We have more cards from Tarot packs in the 15th and early 16th centuries than any other kind of playing
cards, and we can reconstruct the earliest rules of the game with tolerable certainty. But unlike with
other kinds of card games, Tarot exercises a particular fascination because of the esoteric mystique that
grew up around it in the course of the last two centuries. This means that researchers into its earliest
history are generally not content to merely try to find a vaguely satisfying solution to its place of origin
and what kind of game it was, but want instead to *solve* what appears to be the genuine riddle of the
conception of the game, both the source of the idea of permanent trumps and the meaning of the
selection of images used to illustrate those trumps. Therefore serious researchers of Tarot are more
demanding of the precise details of this kind of pack of cards than of other kinds. One of the outstanding
questions, which will assist the would-be interpreter, is exactly where the game was invented, and when.

The late Michael Dummett established the foundation for research into Tarot history already over 30
years ago. On the question of where it was invented and when, from the data he gathered and analysed
in *The Game of Tarot * (1980), he established that there were three original centres of the game:
Ferrara, Milan and Bologna; and he could narrow down the invention of the game to within 20 years of
1442 (the earliest reference known at the time). In the years following the publication of *Game of
Tarot*, much more information was brought to light, which refined his model somewhat. In particular,
archival research in Florence by Franco Pratesi in the late 1980s showed that Tarot was known in Florence
earlier than Dummett was able to report, earlier in fact than Bologna, which is in the same family of Tarot
iconography and games as Florence, and therefore placed Florence squarely in competition for the title of
earliest city of Tarot.

Thus the situation remained until quite recently. The four areas where consensus has changed or
discoveries have been made are:

*Florentine cards (Fiorini, Depaulis, Caldwell). In 2006, Cristina Fiorini (Catholic University of Milan)
showed convincingly that the Rothschild Tarot (Louvre and Bassano) could be attributed to Florence; at
the same time, Ross Caldwell proposed that the "Charles VI" (BNF) and Catania Tarots could also be
attributed to Florentine workshops.

*Roman imports of Florentine cards (Depaulis). In 2006 Thierry discovered notes in the Roman archival
research of Arnold Esch which showed Florentine cards, including Trionfi or Tarot cards, imported into
Rome in the 1470s. He published his findings in 2007 in the Playing Card.

*Florentine cardmakers (Pratesi). In 2011, following further discoveries in the work of Esch, Franco
Pratesi began studying Florentine archives for evidence of cardmakers which had to be there. He found a
great deal of it, including named cardmakers.

*Earliest documentary reference to Tarot pushed back to 1440, from Florence (Depaulis).
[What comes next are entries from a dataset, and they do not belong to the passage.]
(* Assume the root datum is $X$-regular and $\phi$ is an enhancer. Let $\lambda,\lambda'\in X^+$, $\Lambda_\lambda=\{\lambda-\nu':\nu\in\mathbb N[I]\}$ and $V_{\lambda'}=\{\nu'-\lambda':\nu\in\mathbb N[I]\}$, and for $\zeta=\lambda-\nu'\in\Lambda_\lambda$ set $p(\zeta)=p(\nu)$. Then there is a function $\varkappa=\varkappa_{\lambda,\lambda'}:\Lambda_\lambda\times V_{\lambda'}\to\mathbb Z$ such that, modulo $4$ and for all $i\in I$, $\zeta\in\Lambda_\lambda$, $\zeta'\in V_{\lambda'}$ (with $\zeta-i'\in\Lambda_\lambda$, $\zeta'+i'\in V_{\lambda'}$ automatically): (1) $\varkappa(\zeta-i',\zeta')\equiv\varkappa(\zeta,\zeta')-\phi(i,\zeta')$; (2) $\varkappa(\zeta,\zeta'+i')\equiv\varkappa(\zeta,\zeta')+\phi(i,\zeta)+2d_i+\langle\tilde i,\zeta+\zeta'\rangle+2p(\zeta)p(i)$; (3) $\varkappa(\lambda,-\lambda')\equiv0$.
   Context: Setup. $I$ is a finite set with a partition $I=I_{\bar 0}\sqcup I_{\bar 1}$, $I_{\bar 1}\neq\emptyset$; $p(i)=0$ for $i\in I_{\bar0}$ and $p(i)=1$ for $i\in I_{\bar1}$. There is a symmetric $\mathbb Z$-bilinear form $\nu\cdot\nu'$ on $\mathbb Z[I]$ with $d_i:=\frac{i\cdot i}{2}\in\mathbb Z_{>0}$, $a_{ij}:=\frac{2\,i\cdot j}{i\cdot i}\in\mathbb Z_{\le 0}$ for $i\neq j$, $a_{ij}\in2\mathbb Z$ whenever $i\in I_{\bar1}$, and $d_i\equiv p(i)\pmod 2$ (hence $i\cdot j\in2\mathbb Z$). A root datum is fixed: free abelian groups $X,Y$ of finite rank with a perfect pairing $\langle\cdot,\cdot\rangle:Y\times X\to\mathbb Z$, a map $I\to Y$, $i\mapsto i$, with linearly independent image, and a map $I\to X$, $i\mapsto i'$, with $\langle i,j'\rangle=\frac{2\,i\cdot j}{i\cdot i}$. $X$-regular means the image of $i\mapsto i'$ is linearly independent. For $\nu=\sum\nu_i i\in\mathbb Z[I]$: $p(\nu)=\sum\nu_ip(i)\in\mathbb Z/2$ (identified with $\{0,1\}$ in exponents), $\tilde\nu=\sum d_i\nu_ii\in Y$, $\nu'=\sum\nu_ii'\in X$; $\tilde i=d_ii$. $X^+=\{\lambda\in X:\langle i,\lambda\rangle\ge0\ \forall i\}$. An enhancer is a function $\phi:\mathbb Z[I]\times X\to\mathbb Z$ such that, with $\equiv$ denoting congruence mod 4: (a) $\phi(\nu,\lambda+\mu')\equiv\phi(\nu,\mu')+\phi(\nu,\lambda)$ and $\phi(\nu+\mu,\lambda)\equiv\phi(\nu,\lambda)+\phi(\mu,\lambda)$ for $\nu,\mu\in\mathbb Z[I]$, $\lambda\in X$; (b) $\phi(i,j')\in2\mathbb Z$ for $i\neq j$; (c) $\phi(i,j')-\phi(j,i')\equiv i\cdot j+2p(i)p(j)$ for $i\ne j$ and $\phi(i,i')\equiv d_i$. *)

From HB Require Import structures.
From mathcomp Require Import all_boot all_order all_algebra.
Set Implicit Arguments. Unset Strict Implicit. Unset Printing Implicit Defensive.
Import GRing.Theory Num.Theory.
Local Open Scope ring_scope.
To cap off this
rush of discovery relating to Florence, Thierry found a reference in the 15th century diary of Giusto Giusti
of Anghiari to a pack of Trionfi cards that he had commissioned in Florence in 1440. September 1440 is
17 months earlier than the previous earliest known reference to Trionfi cards, from Ferrara in February
1442.

Despite the wealth of new documentation of the existence of the game in Florence, now including the
very earliest attestion of its existence anywhere, this evidence itself provides no indications whatsoever
about the rules of the game, or the would-be iconographic interpreter's concern, the style of the trumps.
In the matter of whether the sequence of trump subjects has a narrative meaning, then, and what it
might be, we remain only slightly better off than Michael Dummett left us 32 years ago: the same
standard set of subjects, and three families of trump orderings, identified with three cities or regions -
Ferrara, Lombardy, and Bologna-Florence. It is a testimony to Dummett's analytical brilliance that, after
more than 3 decades, the framework he established remains solid, with all of the new discoveries only
bringing additional clarity to the theoretical model he established.